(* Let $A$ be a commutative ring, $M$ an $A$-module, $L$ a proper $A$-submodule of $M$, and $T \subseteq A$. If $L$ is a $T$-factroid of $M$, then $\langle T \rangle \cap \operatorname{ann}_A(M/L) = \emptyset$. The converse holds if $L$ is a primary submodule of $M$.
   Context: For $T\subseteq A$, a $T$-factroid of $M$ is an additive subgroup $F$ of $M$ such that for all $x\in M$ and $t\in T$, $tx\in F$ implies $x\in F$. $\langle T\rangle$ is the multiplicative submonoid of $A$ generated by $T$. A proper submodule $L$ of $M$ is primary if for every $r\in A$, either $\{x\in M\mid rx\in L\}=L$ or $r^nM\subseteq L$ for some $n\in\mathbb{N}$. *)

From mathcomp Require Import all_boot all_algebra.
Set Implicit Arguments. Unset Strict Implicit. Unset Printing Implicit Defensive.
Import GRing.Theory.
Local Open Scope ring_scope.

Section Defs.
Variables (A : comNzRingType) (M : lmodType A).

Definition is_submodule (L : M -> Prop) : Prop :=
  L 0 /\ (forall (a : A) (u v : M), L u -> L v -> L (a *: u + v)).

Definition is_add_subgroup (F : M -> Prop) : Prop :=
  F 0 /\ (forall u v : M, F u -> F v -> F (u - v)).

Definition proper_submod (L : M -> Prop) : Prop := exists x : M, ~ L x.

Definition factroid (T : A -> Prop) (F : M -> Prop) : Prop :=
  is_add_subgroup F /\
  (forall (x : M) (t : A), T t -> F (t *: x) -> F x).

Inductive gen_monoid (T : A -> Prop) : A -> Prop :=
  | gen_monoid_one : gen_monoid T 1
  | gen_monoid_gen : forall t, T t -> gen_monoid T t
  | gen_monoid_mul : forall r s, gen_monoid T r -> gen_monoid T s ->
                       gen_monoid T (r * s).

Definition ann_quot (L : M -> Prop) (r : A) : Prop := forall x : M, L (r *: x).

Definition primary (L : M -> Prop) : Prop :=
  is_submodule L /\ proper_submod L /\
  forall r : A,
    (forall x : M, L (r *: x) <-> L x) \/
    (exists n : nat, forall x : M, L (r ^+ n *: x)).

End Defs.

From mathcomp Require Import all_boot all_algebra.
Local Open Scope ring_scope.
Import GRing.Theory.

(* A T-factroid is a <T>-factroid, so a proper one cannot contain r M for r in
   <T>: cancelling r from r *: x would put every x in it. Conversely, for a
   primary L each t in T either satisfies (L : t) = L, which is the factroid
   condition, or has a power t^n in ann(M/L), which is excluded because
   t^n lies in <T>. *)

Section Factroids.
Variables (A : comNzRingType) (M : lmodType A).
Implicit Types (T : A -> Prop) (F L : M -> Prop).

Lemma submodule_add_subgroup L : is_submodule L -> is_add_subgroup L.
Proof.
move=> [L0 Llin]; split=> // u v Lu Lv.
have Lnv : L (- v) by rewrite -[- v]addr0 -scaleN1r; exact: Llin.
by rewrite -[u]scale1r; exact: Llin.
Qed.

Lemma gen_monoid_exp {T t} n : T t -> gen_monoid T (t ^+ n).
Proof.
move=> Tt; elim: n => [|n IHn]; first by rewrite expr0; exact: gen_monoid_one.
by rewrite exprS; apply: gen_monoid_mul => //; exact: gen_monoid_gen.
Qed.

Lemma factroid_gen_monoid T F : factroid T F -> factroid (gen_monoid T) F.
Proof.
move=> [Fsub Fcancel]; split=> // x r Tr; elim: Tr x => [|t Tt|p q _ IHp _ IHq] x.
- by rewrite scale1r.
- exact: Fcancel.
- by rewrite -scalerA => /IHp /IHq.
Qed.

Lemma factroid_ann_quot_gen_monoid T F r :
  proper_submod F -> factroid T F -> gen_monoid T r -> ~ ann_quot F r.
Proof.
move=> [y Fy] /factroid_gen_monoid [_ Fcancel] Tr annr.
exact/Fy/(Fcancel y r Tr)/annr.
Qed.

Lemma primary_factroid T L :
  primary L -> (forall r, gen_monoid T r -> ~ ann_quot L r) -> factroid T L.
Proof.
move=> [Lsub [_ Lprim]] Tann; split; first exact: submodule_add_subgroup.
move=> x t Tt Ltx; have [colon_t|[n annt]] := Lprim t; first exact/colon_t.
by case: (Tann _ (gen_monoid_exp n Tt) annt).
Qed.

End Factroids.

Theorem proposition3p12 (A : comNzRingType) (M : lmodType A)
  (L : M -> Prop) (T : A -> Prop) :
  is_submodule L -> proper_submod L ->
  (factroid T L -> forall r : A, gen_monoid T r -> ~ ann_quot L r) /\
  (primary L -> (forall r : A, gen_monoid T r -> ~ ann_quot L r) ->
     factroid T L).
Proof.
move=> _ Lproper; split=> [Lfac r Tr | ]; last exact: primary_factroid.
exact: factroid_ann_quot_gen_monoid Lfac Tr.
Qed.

++++++++

Gather from the data above every line with the string "Definition".

▶ Response below:
Definition is_submodule (L : M -> Prop) : Prop :=
Definition is_add_subgroup (F : M -> Prop) : Prop :=
Definition proper_submod (L : M -> Prop) : Prop := exists x : M, ~ L x.
Definition factroid (T : A -> Prop) (F : M -> Prop) : Prop :=
Definition ann_quot (L : M -> Prop) (r : A) : Prop := forall x : M, L (r *: x).
Definition primary (L : M -> Prop) : Prop :=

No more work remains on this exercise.